Moreover, it becomes increasingly unpleasant and unworkable to deal with code which progressively gets more and more unreliable.

It's expected that if the complexity of a program grows, the state space that the program can occupy grows with it. But with UB you can run into by accident that state space seems to grow exponentially in comparison to a language like Rust.

If you are required to write code at that low level, I would not use anything other than something like rust.

If you are not required to write code at that level. There are many languages with much less uncertainty than C++ which are much more productive than either C++ or rust.

replies(1): >>42166957 #
2. sfink ◴[17 Nov 24 20:32 UTC] No.42166957[source]
> I think unless your code is guaranteed to never interact with any untrusted input it is nowadays an increasingly unacceptable compromise to just accept that your program might have serious flaws which can lead to remote code execution or worse.

I think that's too strong a statement, because it applies to in-development programs. I agree with you if you're talking about released programs, but there can be benefit in leaving open the possibility of detectable flaws, serious or otherwise, while your code is still in development.

It's analogous to only compiling and running in debug mode throughout your development, and then switching to release mode for the final binary. The binary is suboptimal throughout your development process; it's too slow. But as long as the `--release` flag doesn't require any code changes, it's still a better idea than developing entirely in release mode.

Similarly, the binary could be suboptimal from a correctness standpoint, as long as removing the `--devel` flag only works when the compiler is fully happy. `--devel` could turn some borrow checking failures into warnings and still give you a runnable binary. Or it could allow leaving types underspecified in interfaces, and do an unsound type inference. Best case, it could even do runtime checks and/or coercions to establish the assumptions that the callee was compiled with.
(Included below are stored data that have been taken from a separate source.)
Lemma tube_inv_component_C1 (pr : C -> R) (Na Nb : C -> R) :
  (forall w, tube_image w ->
     is_derive (fun t => pr (tube_inv (t, snd w))) (fst w) (Na (tube_inv w) / jac_det (tube_inv w)) /\
     is_derive (fun t => pr (tube_inv (fst w, t))) (snd w) (Nb (tube_inv w) / jac_det (tube_inv w))) ->
  (forall z, continuous Na z) -> (forall z, continuous Nb z) ->
  C1_on_R tube_image (fun w => pr (tube_inv w)).
Proof.
  intros Hd HNa HNb w Hw. destruct (Hd w Hw) as [Dx Dy].
  assert (Hcont : forall N, (forall z, continuous N z) ->
            continuous (fun y => N (tube_inv y) / jac_det (tube_inv y)) w).
  { intros N HN. apply (continuous_comp tube_inv (fun z => N z / jac_det z)); [apply tube_inv_continuous, Hw |].
    apply (continuous_mult N (fun z => / jac_det z)); [apply HN |].
    apply (continuous_comp jac_det Rinv); [apply jac_det_continuous |].
    apply continuous_Rinv. apply Rgt_not_eq, tube_jac_det_pos, (tube_inv_spec w Hw). }
  assert (Hloc : forall P : C -> Prop, (forall y, tube_image y -> P y) -> locally w P).
  { intros P HP. destruct (tube_image_box w Hw) as [r [Hr H]].
    exists (mkposreal r Hr); intros y Hy. apply HP, H, ball_box, Hy. }
  split; [eexists; exact Dx | split; [eexists; exact Dy | split]].
  - apply (continuous_ext_loc _ (fun y => Na (tube_inv y) / jac_det (tube_inv y))); [| apply Hcont, HNa].
    apply Hloc; intros y Hy. symmetry. apply is_derive_unique, (Hd y Hy).
  - apply (continuous_ext_loc _ (fun y => Nb (tube_inv y) / jac_det (tube_inv y))); [| apply Hcont, HNb].
    apply Hloc; intros y Hy. symmetry. apply is_derive_unique, (Hd y Hy).
Qed.

Lemma tube_inv_C1 : C1_on tube_image tube_inv.
Proof.
  split.
  - apply (tube_inv_component_C1 fst vy (fun z => - uy z));
      [intros w Hw; exact (proj1 (tube_inv_partials w Hw)) | intros z | intros z];
      destruct (partials_continuous z) as (H1 & H2 & H3 & H4); [| apply (continuous_opp uy)];
      assumption.
  - apply (tube_inv_component_C1 snd (fun z => - vx z) ux);
      [intros w Hw; exact (proj2 (tube_inv_partials w Hw)) | intros z | intros z];
      destruct (partials_continuous z) as (H1 & H2 & H3 & H4); [apply (continuous_opp vx) |];
      assumption.
Qed.

Lemma straightening_tube : straightening_neighbourhood Gamma eta tube.
Proof.
  split; [exact tube_open |]. split; [exact Gamma_sub_tube |]. split; [exact eta_injective_tube |].
  split; [exact tube_image_open |]. split; [exact onT_sub_tube_image |]. split.
  - exists tube_inv; split; [exact tube_inv_eta | exact tube_inv_C1].
  - exists c_low, c_up; split; [exact c_low_pos | split; [exact c_up_pos | exact eta_bilipschitz_tube]].
Qed.

End Neighbourhood.

Lemma eta_straightening : exists tube, straightening_neighbourhood Gamma eta tube.
Proof.
  destruct eta_similar_uniformly as [d [Hd Hsim]].
  destruct (eta_separation (d / 4)) as [sg [Hsg Hsep]]; [lra |].
  destruct Gamma_bounded as [B HB].
  set (rho := Rmin (d / 8) (d * sg / 12)).
  assert (Hrho : 0 < rho) by (apply Rmin_pos; [lra | apply Rdiv_lt_0_compat; [nra | lra]]).
  exists (tube rho). apply (straightening_tube d sg B rho); auto.
  - apply Rmin_l.
  - generalize (Rmin_r (d / 8) (d * sg / 12)); fold rho; lra.
Qed.

End Straightening.

Lemma dist_set_mem (Gamma : C -> Prop) (z : C) : Gamma z -> dist_set Gamma z = 0.
Proof.
  intros Hz. unfold dist_set.
  set (E := fun r => exists w, Gamma w /\ r = Cmod (Cminus z w)).
  destruct (Glb_Rbar_correct E) as [H1 H2].
  assert (Hle : Rbar_le (Glb_Rbar E) 0).
  { apply H1. exists z; split; [exact Hz | rewrite Cmod_minus_diag; reflexivity]. }
  assert (Hge : Rbar_le 0 (Glb_Rbar E)).
  { apply H2. intros x [w [_ ->]]. apply Cmod_ge_0. }
  destruct (Glb_Rbar E); simpl in *; try contradiction. lra.
Qed.

Lemma pseudoanalytic_dbar_Gamma (a : R) (Gamma : C -> Prop) (f F : C -> C) (z : C) :
  pseudoanalytic_ext a Gamma f F -> Gamma z -> dbar F z = (0, 0).
Proof.
  intros [_ [_ [Cf HCf]]] Hz. specialize (HCf z).
  rewrite dist_set_mem in HCf by exact Hz.
  unfold hpow in HCf. destruct (Rle_dec 0 0) as [_ | n]; [| lra].
  apply Cmod_eq_0, Rle_antisym; [lra | apply Cmod_ge_0].
Qed.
Whether it would be worth the complexity is an open question, but it seems reasonably clear that Rust has a problem with brittleness to development-time change.

replies(1): >>42168913 #
3. Arch-TK ◴[18 Nov 24 01:28 UTC] No.42168913[source]
If you develop C or C++ haphazardly in such a way that you leave a bunch of UB on the table during development then there's little to no chance that you'll have actually erased all presence of it by the end of development.

There currently exist no tools which with complete reliability point out all UB in your program. If any part of your program can have UB and you didn't write it with the explicit intention of not having UB in it at any point then you're going to be left with a tough situation to deal with.

I've read a lot of C in my time and there's codebases which I read and find easy and quick to review because they stick to the rules and only bend them sparingly and then there's codebases which are a pain to evaluate even the most basic parts for errors and UB.

There's no such thing as "detectable UB", there's only UB which your tools have luckily managed to detect.

Leave the UB to the people who can't avoid it, stick to safe languages when you can.